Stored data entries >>

(* Let $(X,\mu)$ and $(Y,\nu)$ be measure spaces with positive measures $\mu,\nu$, and let $\mathcal F\subseteq L^1(X,\mu)\times L^1(Y,\nu)$ be a family of pairs of real-valued functions. Assume there exist real numbers $p,q>1$ and $a,b,c>0$ such that for every $(f,g)\in\mathcal F$: (i) $\|g\|_{L^\infty(Y,\nu)}\le a\|f\|_{L^1(X,\mu)}$; (ii) $\|g\|_{L^q(Y,\nu)}\le b\|f\|_{L^p(X,\mu)}$; (iii) $\|f\|_{L^p(X,\mu)}\le c\|g\|_{L^q(Y,\nu)}$; (iv) $\int_X f\,d\mu\le 0$ and $\int_Y g\,d\nu\le 0$. Then for every $(f,g)\in\mathcal F$ with $(f,g)\neq(0,0)$, $$\mu(\{x\in X: f(x)<0\})^{1/p'}\,\nu(\{y\in Y: g(y)<0\})^{1/q}\ \ge\ a^{-1}b^{-q'/q}(2c)^{-q'},$$ where $p'=p/(p-1)$ and $q'=q/(q-1)$. *)

From HB Require Import structures.
From mathcomp Require Import all_boot all_order all_algebra.
From mathcomp Require Import all_classical all_reals all_analysis.

From HB Require Import structures.
From mathcomp Require Import all_boot all_order all_algebra.
From mathcomp Require Import all_classical all_reals all_analysis.
From mathcomp Require Import measurable_realfun ess_sup_inf ring lra.
Set Implicit Arguments.
Unset Strict Implicit.
Unset Printing Implicit Defensive.
Import Order.TTheory GRing.Theory Num.Theory.
Local Open Scope classical_set_scope.
Local Open Scope ring_scope.

(* Write A = [f < 0], B = [g < 0] and N = ||g||_oo.  Since the integrals of f
   and g are nonpositive, |f| and |g| carry at least half of their L^1 mass on
   A and B.  Hence (i), Hoelder on A and (iii) give
   N <= a ||f||_1 <= 2 a ||f||_p mu(A)^(1/p') <= 2 a c ||g||_q mu(A)^(1/p'),
   while interpolating between L^1 and L^oo gives
   ||g||_q^q <= N^(q-1) ||g||_1 <= 2 N^q nu(B).
   As soon as N > 0, which is where (f, g) <> (0, 0) is used, this yields
   1 <= 2^(1 + 1/q) a c mu(A)^(1/p') nu(B)^(1/q).  The stated constant is
   smaller because (ii) and (iii) force b c >= 1. *)

Lemma le_poweRV (R : realType) (x y : \bar R) (r : R) : 0 < r -> (0 <= x)%E ->
  (x `^ r <= y)%E -> (x <= y `^ r^-1)%E.
Proof.
move=> r0 x0 xy; rewrite -[leLHS](poweRe1 x0) -(mulfV (lt0r_neq0 r0)) poweRrM.
apply: gt0_ler_poweR => //; first by rewrite invr_ge0 ltW.
- by rewrite in_itv /= poweR_ge0 leey.
- by rewrite in_itv /= (le_trans (poweR_ge0 _ _) xy) leey.
Qed.

Lemma le1_mul_sandwich (R : realType) (x y : \bar R) (b c : R) : 0 < b ->
  x \is a fin_num -> (0 < x)%E -> (x <= b%:E * y)%E -> (y <= c%:E * x)%E ->
  1 <= b * c.
Proof.
move=> b0 xfin x0 xy yx.
have : (x * 1%:E <= x * (b * c)%:E)%E.
  by rewrite mule1 EFinM muleC -muleA (le_trans xy) // lee_wpmul2l // ltW.
by rewrite lee_pmul2l // lee_fin.
Qed.

Section Lnorm_bounds.
Context d (T : measurableType d) (R : realType) (mu : {measure set T -> \bar R}).
Local Notation "'N_ p [ f ]" := (Lnorm mu p (EFin \o f)).
Local Open Scope ereal_scope.

Lemma measurable_ltr0 (h : T -> R) : measurable_fun setT h ->
  measurable [set x | (h x < 0)%R].
Proof.
move=> mh.
have mhE : measurable_fun setT (EFin \o h : T -> \bar R) by apply/measurable_EFinP.
have := measurable_lte measurableT mhE (measurable_cst (0 : \bar R)).
by rewrite setTI; under eq_set do rewrite lte_fin.
Qed.

Lemma Lnorm_eq0_ae (h : T -> R) (p : \bar R) : measurable_fun setT h -> 0 < p ->
  'N_p[h] = 0 -> \forall x \ae mu, h x = 0%R.
Proof.
move=> mh p0 N0.
have mhE : measurable_fun setT (EFin \o h : T -> \bar R) by apply/measurable_EFinP.
by apply: filterS (Lnorm_eq0_eq0 mhE p0 N0) => x /(_ I) [].
Qed.

Lemma Lnorm1_lty (h : T -> R) : mu.-integrable setT (EFin \o h) -> 'N_1%:E[h] < +oo.
Proof. by rewrite Lnorm1 => /integrableP[]. Qed.

(* |h| = h + 2 h^- and the integral of h is nonpositive. *)
Lemma Lnorm1_le_negpart (h : T -> R) : mu.-integrable setT (EFin \o h) ->
  \int[mu]_x (h x)%:E <= 0 ->
  'N_1%:E[h] <= 2%:E * \int[mu]_x (`|h x| * \1_[set x | h x < 0] x)%:E.
Proof.
move=> ih h0; set S := [set x | (h x < 0)%R].
have mh : measurable_fun setT h by apply/measurable_EFinP; exact: measurable_int ih.
have mS : measurable S := measurable_ltr0 mh.
have ineg : mu.-integrable setT (fun x => (`|h x| * \1_S x)%:E).
  apply: (le_integrable measurableT _ _ (integrable_abse ih)) => /=.
    apply/measurable_EFinP/measurable_funM; first exact: measurableT_comp.
    exact/measurable_indic.
  move=> x _ /=; rewrite lee_fin normrM !normr_id -[leRHS]mulr1 ler_wpM2l //.
  by rewrite indicE; case: (_ \in _); rewrite ?normr1 ?normr0.
have habs x : (`|h x|)%:E = (h x)%:E + 2%:E * (`|h x| * \1_S x)%:E.
  rewrite -EFinM -EFinD; congr EFin; rewrite indicE.
  case: (ltrP (h x) 0) => hx; first by rewrite mem_set // mulr1 ltr0_norm //; lra.
  rewrite memNset /= ?mulr0 ?addr0 ?ger0_norm //.
  by rewrite /S /=; apply/negP; rewrite -leNgt.
rewrite Lnorm1; under eq_integral => x _ do rewrite /= habs.
rewrite integralD //; last exact: integrableZl.
by rewrite integralZl // -[leRHS]add0e leeD2r.
Qed.

Lemma ae_abs_le_Linfty (g : T -> R) : \forall x \ae mu, (`|g x|)%:E <= 'N_+oo[g].
Proof.
rewrite unlock /=; case: ifPn => [|]; first by move=> _; exact: ess_sup_ge.
rewrite ltNge => /negbNE muT0; exists setT; split => //.
by apply/eqP; rewrite eq_le muT0 measure_ge0.
Qed.

Lemma integral_indic_le_Linfty (g : T -> R) (S : set T) : measurable S ->
  measurable_fun setT g ->
  \int[mu]_x (`|g x| * \1_S x)%:E <= 'N_+oo[g] * mu S.
Proof.
move=> mS mg; have mI : measurable_fun setT (\1_S : T -> R) by exact/measurable_indic.
rewrite -[in leRHS](setIT S) -integral_indic // -ge0_integralZl ?Lnorm_ge0 //; last first.
  exact/measurable_EFinP.
apply: ae_ge0_le_integral => //.
- apply/measurable_EFinP/measurable_funM => //; exact: measurableT_comp.
- by move=> x _; rewrite mule_ge0 ?Lnorm_ge0 // lee_fin.
- by apply: emeasurable_funM => //; exact/measurable_EFinP.
apply: filterS (ae_abs_le_Linfty g) => x gx _.
by rewrite indicE; case: (_ \in _); rewrite ?mulr1 ?mule1 ?mulr0 ?mule0.
Qed.

Lemma integral_indic_le_Lnorm (f : T -> R) (S : set T) (p : R) : (1 < p)%R ->
  measurable S -> measurable_fun setT f ->
  \int[mu]_x (`|f x| * \1_S x)%:E <= 'N_p%:E[f] * mu S `^ ((p / (p - 1))^-1).
Proof.
move=> p1 mS mf; set p' := (p / (p - 1))%R.
have p'0 : (0 < p')%R by rewrite divr_gt0 //; lra.
have mI : measurable_fun setT (\1_S : T -> R) by exact/measurable_indic.
have := hoelder mu mf mI (_ : 0 < p)%R p'0 (_ : p^-1 + p'^-1 = 1)%R.
have -> : 'N_1%:E[f \* \1_S]%R = \int[mu]_x (`|f x| * \1_S x)%:E.
  by rewrite Lnorm1; apply: eq_integral => x _ /=; rewrite normrM [`|\1_S x|%R]ger0_norm.
have -> : 'N_p'%:E[\1_S] = mu S `^ p'^-1.
  rewrite unlock /= -[in RHS](setIT S) -integral_indic //; congr poweR.
  apply: eq_integral => x _; rewrite indicE; case: (_ \in _).
    by rewrite normr1 powR1.
  by rewrite normr0 powR0 // gt_eqF.
by apply; [lra | rewrite /p' invf_div; field; lra].
Qed.

(* Pointwise, |g|^q <= n^(q-1) |g| almost everywhere. *)
Lemma Lnorm_powR_le_Linfty (g : T -> R) (n q : R) : (1 < q)%R ->
  measurable_fun setT g -> (\forall x \ae mu, `|g x| <= n)%R ->
  'N_q%:E[g] `^ q <= (n `^ (q - 1))%:E * 'N_1%:E[g].
Proof.
move=> q1 mg gn; rewrite poweR_Lnorm; last by apply: lt0r_neq0; lra.
rewrite Lnorm1 /comp; under eq_integral => x _ do rewrite abse_EFin poweR_EFin.
under [X in _ <= _ * X]eq_integral => x _ do rewrite abse_EFin.
rewrite -ge0_integralZl ?lee_fin ?powR_ge0 //; last first.
  exact/measurable_EFinP/measurableT_comp.
apply: ae_ge0_le_integral => //.
- apply/measurable_EFinP.
  apply: (@measurableT_comp _ _ _ _ _ _ (@powR R ^~ q)) => //.
  exact: measurableT_comp.
- by move=> x _; rewrite mule_ge0 // lee_fin powR_ge0.
- by apply: emeasurable_funM => //; exact/measurable_EFinP/measurableT_comp.
apply: filterS gn => x gxn _ /=.
rewrite -EFinM lee_fin -mulr_powRB1 //; last lra.
rewrite mulrC ler_wpM2r // ge0_ler_powR //; try lra.
by rewrite nnegrE (le_trans _ gxn).
Qed.

End Lnorm_bounds.

Lemma constant_le_inv (R : realType) (a b c q : R) :
  1 < q -> 0 < a -> 0 < b -> 0 < c -> 1 <= b * c ->
  a^-1 * b `^ (- (q / (q - 1) / q)) * (2 * c) `^ (- (q / (q - 1))) <=
  (2 * a * c * 2 `^ q^-1)^-1.
Proof.
move=> q1 a0 b0 c0 bc; set s := q / (q - 1).
have s_q : s / q = s - 1 by rewrite /s; field; lra.
have s_ge : 1 + q^-1 <= s.
  rewrite -subr_ge0 (_ : s - _ = (q * (q - 1))^-1); last by rewrite /s; field; lra.
  by rewrite invr_ge0 mulr_ge0 //; lra.
have qV0 : 0 < q^-1 by rewrite invr_gt0; lra.
have l2 : 0 <= ln (2 : R) by rewrite ln_ge0 //; lra.
have lbc : 0 <= ln b + ln c by rewrite -lnM ?posrE // ln_ge0.
have lnMp (x y : R) : 0 < x -> 0 < y -> ln (x * y) = ln x + ln y.
  by move=> x0 y0; rewrite lnM ?posrE.
have lnVp (x : R) : 0 < x -> ln x^-1 = - ln x by move=> x0; rewrite lnV ?posrE.
have c2 : 0 < 2 * c by rewrite mulr_gt0.
have aV : 0 < a^-1 by rewrite invr_gt0.
rewrite -ler_ln ?posrE ?invr_gt0 ?mulr_gt0 ?powR_gt0 //.
rewrite lnVp ?mulr_gt0 ?powR_gt0 // !lnMp ?mulr_gt0 ?powR_gt0 ?invr_gt0 //.
rewrite lnVp // !ln_powR s_q lnMp //.
have : 0 <= (s - 1) * (ln b + ln c) by rewrite mulr_ge0 //; lra.
have : 0 <= (s - 1 - q^-1) * ln 2 by rewrite mulr_ge0 //; lra.
lra.
Qed.

Section nonzero_pair.
Context (R : realType) (d1 : measure_display) (X : measurableType d1)
  (mu : {measure set X -> \bar R}) (d2 : measure_display) (Y : measurableType d2)
  (nu : {measure set Y -> \bar R}).
Variables (f : X -> R) (g : Y -> R) (p q a b c : R).
Hypotheses (intf : mu.-integrable setT (EFin \o f)) (intg : nu.-integrable setT (EFin \o g)).
Hypotheses (p1 : 1 < p) (q1 : 1 < q) (a0 : 0 < a) (b0 : 0 < b) (c0 : 0 < c).
Local Open Scope ereal_scope.
Local Notation N1f := 'N[mu]_(1%:E)[EFin \o f].
Local Notation Npf := 'N[mu]_(p%:E)[EFin \o f].
Local Notation N1g := 'N[nu]_(1%:E)[EFin \o g].
Local Notation Nqg := 'N[nu]_(q%:E)[EFin \o g].
Local Notation Ninf := 'N[nu]_(+oo)[EFin \o g].
Local Notation K := (mu [set x | (f x < 0)%R] `^ ((p / (p - 1))^-1)).
Local Notation L := (nu [set y | (g y < 0)%R] `^ q^-1).
Hypothesis Linfty_le_L1 : Ninf <= a%:E * N1f.
Hypothesis Lq_le_Lp : Nqg <= b%:E * Npf.
Hypothesis Lp_le_Lq : Npf <= c%:E * Nqg.
Hypotheses (f_le0 : \int[mu]_x (f x)%:E <= 0) (g_le0 : \int[nu]_y (g y)%:E <= 0).

Let p0 : (0 < p)%R := lt_trans ltr01 p1.
Let q0 : (0 < q)%R := lt_trans ltr01 q1.

Let mf : measurable_fun setT f.
Proof. by apply/measurable_EFinP; exact: measurable_int intf. Qed.

Let mg : measurable_fun setT g.
Proof. by apply/measurable_EFinP; exact: measurable_int intg. Qed.

Lemma L1_le_Lp_negset : N1f <= 2%:E * (Npf * K).
Proof.
apply: le_trans (Lnorm1_le_negpart intf f_le0) _; rewrite lee_wpmul2l ?lee_fin //.
exact: integral_indic_le_Lnorm p1 (measurable_ltr0 mf) mf.
Qed.

Lemma L1_le_Linfty_negset : N1g <= 2%:E * (Ninf * nu [set y | (g y < 0)%R]).
Proof.
apply: le_trans (Lnorm1_le_negpart intg g_le0) _; rewrite lee_wpmul2l ?lee_fin //.
exact: integral_indic_le_Linfty (measurable_ltr0 mg) mg.
Qed.

Lemma Linfty_fin_num : Ninf \is a fin_num.
Proof.
rewrite ge0_fin_numE ?Lnorm_ge0 // (le_lt_trans Linfty_le_L1) //.
by rewrite lte_mul_pinfty ?lee_fin ?ltW // Lnorm1_lty.
Qed.

Local Notation n := (fine Ninf).

Let abs_g_le_Linfty : \forall y \ae nu, (`|g y| <= n)%R.
Proof.
apply: filterS (ae_abs_le_Linfty nu g) => y.
by rewrite -[in X in X -> _](fineK Linfty_fin_num) lee_fin.
Qed.

Lemma Linfty_le_Lq : Ninf <= (2 * a * c)%:E * (Nqg * K).
Proof.
have a0' : 0 <= a%:E by rewrite lee_fin ltW.
apply: le_trans Linfty_le_L1 (le_trans (lee_wpmul2l a0' L1_le_Lp_negset) _).
rewrite !EFinM -!muleA muleCA; apply: lee_wpmul2l => //; apply: lee_wpmul2l => //.
by rewrite muleA; apply: lee_wpmul2r; rewrite ?poweR_ge0.
Qed.

Lemma Lq_powR_le : Nqg `^ q <= (2 * n `^ q)%:E * nu [set y | (g y < 0)%R].
Proof.
have n0 : (0 <= n)%R by rewrite fine_ge0 ?Lnorm_ge0.
apply: (le_trans (Lnorm_powR_le_Linfty q1 mg abs_g_le_Linfty)).
apply: (le_trans (lee_wpmul2l _ L1_le_Linfty_negset)); first by rewrite lee_fin powR_ge0.
move: n0 Linfty_fin_num; case: Ninf => //= r r0 _.
by rewrite muleCA !muleA -!EFinM -mulrA [(_ * r)%R]mulrC mulr_powRB1.
Qed.

Lemma Lq_le_Linfty : Nqg <= (2 `^ q^-1 * n)%:E * L.
Proof.
have n0 : (0 <= n)%R by rewrite fine_ge0 ?Lnorm_ge0.
apply: le_trans (le_poweRV q0 (Lnorm_ge0 _ _ _) Lq_powR_le) _.
rewrite poweRM ?measure_ge0 ?lee_fin ?mulr_ge0 ?powR_ge0 // poweR_EFin.
by rewrite powRM ?powR_ge0 // -powRrM mulfV ?lt0r_neq0 // powRr1.
Qed.

Hypothesis nonzero : ~ ((\forall x \ae mu, f x = 0%R) /\ (\forall y \ae nu, g y = 0%R)).

Lemma Linfty_gt0 : (0 < n)%R.
Proof.
rewrite lt0r fine_ge0 ?Lnorm_ge0 // andbT; apply/eqP => n0; apply: nonzero.
have Ninf0 : Ninf = 0 by rewrite -(fineK Linfty_fin_num) n0.
have Nq0 : Nqg = 0.
  apply/eqP; rewrite eq_le Lnorm_ge0 andbT (le_trans Lq_le_Linfty) //.
  by rewrite n0 mulr0 mul0e.
have Np0 : Npf = 0.
  by apply/eqP; rewrite eq_le Lnorm_ge0 andbT (le_trans Lp_le_Lq) // Nq0 mule0.
split; first exact: Lnorm_eq0_ae mf _ Np0.
exact: Lnorm_eq0_ae mg (ltry _) Ninf0.
Qed.

Lemma Lq_fin_num : Nqg \is a fin_num.
Proof.
rewrite ge0_fin_numE ?Lnorm_ge0 // (@lty_poweRy _ _ q) ?lt0r_neq0 //.
apply: le_lt_trans (Lnorm_powR_le_Linfty q1 mg abs_g_le_Linfty) _.
by rewrite lte_mul_pinfty ?lee_fin ?powR_ge0 // Lnorm1_lty.
Qed.

Lemma Lq_gt0 : 0 < Nqg.
Proof.
rewrite lt0e Lnorm_ge0 andbT; apply/eqP => Nq0.
have := Linfty_le_Lq; rewrite Nq0 mul0e mule0 -(fineK Linfty_fin_num) lee_fin.
by rewrite leNgt Linfty_gt0.
Qed.

Lemma one_le_negset_measures : 1 <= (2 * a * c * 2 `^ q^-1)%:E * (K * L).
Proof.
have K0 : 0 <= K by rewrite poweR_ge0.
have C0 : 0 <= (2 * a * c)%:E by rewrite lee_fin !mulr_ge0 // ltW.
have := le_trans Linfty_le_Lq (lee_wpmul2l C0 (lee_wpmul2r K0 Lq_le_Linfty)).
move: Linfty_gt0 Linfty_fin_num; case: Ninf => //= r r0 _ Hr.
rewrite -(@lee_pmul2l _ r%:E) ?lte_fin // mule1 (le_trans Hr) //.
by rewrite -muleA [L * K]muleC !muleA -!EFinM [(r * _)%R]mulrC mulrA.
Qed.

Lemma negset_measures_lower_bound :
  (a^-1 * b `^ (- (q / (q - 1) / q)) * (2 * c) `^ (- (q / (q - 1))))%:E <= K * L.
Proof.
have bc : (1 <= b * c)%R := le1_mul_sandwich b0 Lq_fin_num Lq_gt0 Lq_le_Lp Lp_le_Lq.
have C0 : (0 < 2 * a * c * 2 `^ q^-1)%R by rewrite !mulr_gt0 ?powR_gt0.
apply: le_trans (_ : (2 * a * c * 2 `^ q^-1)^-1%:E <= _).
  by rewrite lee_fin constant_le_inv.
by rewrite -[leLHS]mule1 lee_pdivrMl // one_le_negset_measures.
Qed.

End nonzero_pair.

Theorem mainTheorem1 (R : realType)
  (d1 : measure_display) (X : measurableType d1) (mu : {measure set X -> \bar R})
  (d2 : measure_display) (Y : measurableType d2) (nu : {measure set Y -> \bar R})
  (F : set ((X -> R) * (Y -> R)))
  (HF1 : forall fg, F fg ->
     mu.-integrable setT (EFin \o fg.1) /\ nu.-integrable setT (EFin \o fg.2))
  (p q a b c : R) (hp : 1 < p) (hq : 1 < q) (ha : 0 < a) (hb : 0 < b) (hc : 0 < c)
  (Hi : forall fg, F fg ->
     ('N[nu]_(+oo%E)[EFin \o fg.2] <= a%:E * 'N[mu]_(1%:E)[EFin \o fg.1])%E)
  (Hii : forall fg, F fg ->
     ('N[nu]_(q%:E)[EFin \o fg.2] <= b%:E * 'N[mu]_(p%:E)[EFin \o fg.1])%E)
  (Hiii : forall fg, F fg ->
     ('N[mu]_(p%:E)[EFin \o fg.1] <= c%:E * 'N[nu]_(q%:E)[EFin \o fg.2])%E)
  (Hiv : forall fg, F fg ->
     (\int[mu]_x (fg.1 x)%:E <= 0)%E /\ (\int[nu]_y (fg.2 y)%:E <= 0)%E) :
  forall fg, F fg ->
    ~ ((\forall x \ae mu, fg.1 x = 0) /\ (\forall y \ae nu, fg.2 y = 0)) ->
    let p' := p / (p - 1) in
    let q' := q / (q - 1) in
    ((a^-1 * b `^ (- (q' / q)) * (2 * c) `^ (- q'))%:E <=
      (mu [set x | (fg.1 x < 0)%R]) `^ (p'^-1) * (nu [set y | (fg.2 y < 0)%R]) `^ (q^-1))%E.
Proof.
move=> fg Ffg nonzero; have [intf intg] := HF1 fg Ffg; have [f_le0 g_le0] := Hiv fg Ffg.
exact: negset_measures_lower_bound intf intg hp hq ha hb hc
  (Hi fg Ffg) (Hii fg Ffg) (Hiii fg Ffg) f_le0 g_le0 nonzero.
Qed.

YOUR GOAL >>
From the records above, transcribe exactly the run of lines that opens with the line holding "have Nq0 : Nqg = 0." and closes with the line holding "mu.-integrable setT (EFin \o fg.1)", both included.

SOLUTION BELOW >>
have Nq0 : Nqg = 0.
  apply/eqP; rewrite eq_le Lnorm_ge0 andbT (le_trans Lq_le_Linfty) //.
  by rewrite n0 mulr0 mul0e.
have Np0 : Npf = 0.
  by apply/eqP; rewrite eq_le Lnorm_ge0 andbT (le_trans Lp_le_Lq) // Nq0 mule0.
split; first exact: Lnorm_eq0_ae mf _ Np0.
exact: Lnorm_eq0_ae mg (ltry _) Ninf0.
Qed.

Lemma Lq_fin_num : Nqg \is a fin_num.
Proof.
rewrite ge0_fin_numE ?Lnorm_ge0 // (@lty_poweRy _ _ q) ?lt0r_neq0 //.
apply: le_lt_trans (Lnorm_powR_le_Linfty q1 mg abs_g_le_Linfty) _.
by rewrite lte_mul_pinfty ?lee_fin ?powR_ge0 // Lnorm1_lty.
Qed.

Lemma Lq_gt0 : 0 < Nqg.
Proof.
rewrite lt0e Lnorm_ge0 andbT; apply/eqP => Nq0.
have := Linfty_le_Lq; rewrite Nq0 mul0e mule0 -(fineK Linfty_fin_num) lee_fin.
by rewrite leNgt Linfty_gt0.
Qed.

Lemma one_le_negset_measures : 1 <= (2 * a * c * 2 `^ q^-1)%:E * (K * L).
Proof.
have K0 : 0 <= K by rewrite poweR_ge0.
have C0 : 0 <= (2 * a * c)%:E by rewrite lee_fin !mulr_ge0 // ltW.
have := le_trans Linfty_le_Lq (lee_wpmul2l C0 (lee_wpmul2r K0 Lq_le_Linfty)).
move: Linfty_gt0 Linfty_fin_num; case: Ninf => //= r r0 _ Hr.
rewrite -(@lee_pmul2l _ r%:E) ?lte_fin // mule1 (le_trans Hr) //.
by rewrite -muleA [L * K]muleC !muleA -!EFinM [(r * _)%R]mulrC mulrA.
Qed.

Lemma negset_measures_lower_bound :
  (a^-1 * b `^ (- (q / (q - 1) / q)) * (2 * c) `^ (- (q / (q - 1))))%:E <= K * L.
Proof.
have bc : (1 <= b * c)%R := le1_mul_sandwich b0 Lq_fin_num Lq_gt0 Lq_le_Lp Lp_le_Lq.
have C0 : (0 < 2 * a * c * 2 `^ q^-1)%R by rewrite !mulr_gt0 ?powR_gt0.
apply: le_trans (_ : (2 * a * c * 2 `^ q^-1)^-1%:E <= _).
  by rewrite lee_fin constant_le_inv.
by rewrite -[leLHS]mule1 lee_pdivrMl // one_le_negset_measures.
Qed.

End nonzero_pair.

Theorem mainTheorem1 (R : realType)
  (d1 : measure_display) (X : measurableType d1) (mu : {measure set X -> \bar R})
  (d2 : measure_display) (Y : measurableType d2) (nu : {measure set Y -> \bar R})
  (F : set ((X -> R) * (Y -> R)))
  (HF1 : forall fg, F fg ->
     mu.-integrable setT (EFin \o fg.1) /\ nu.-integrable setT (EFin \o fg.2))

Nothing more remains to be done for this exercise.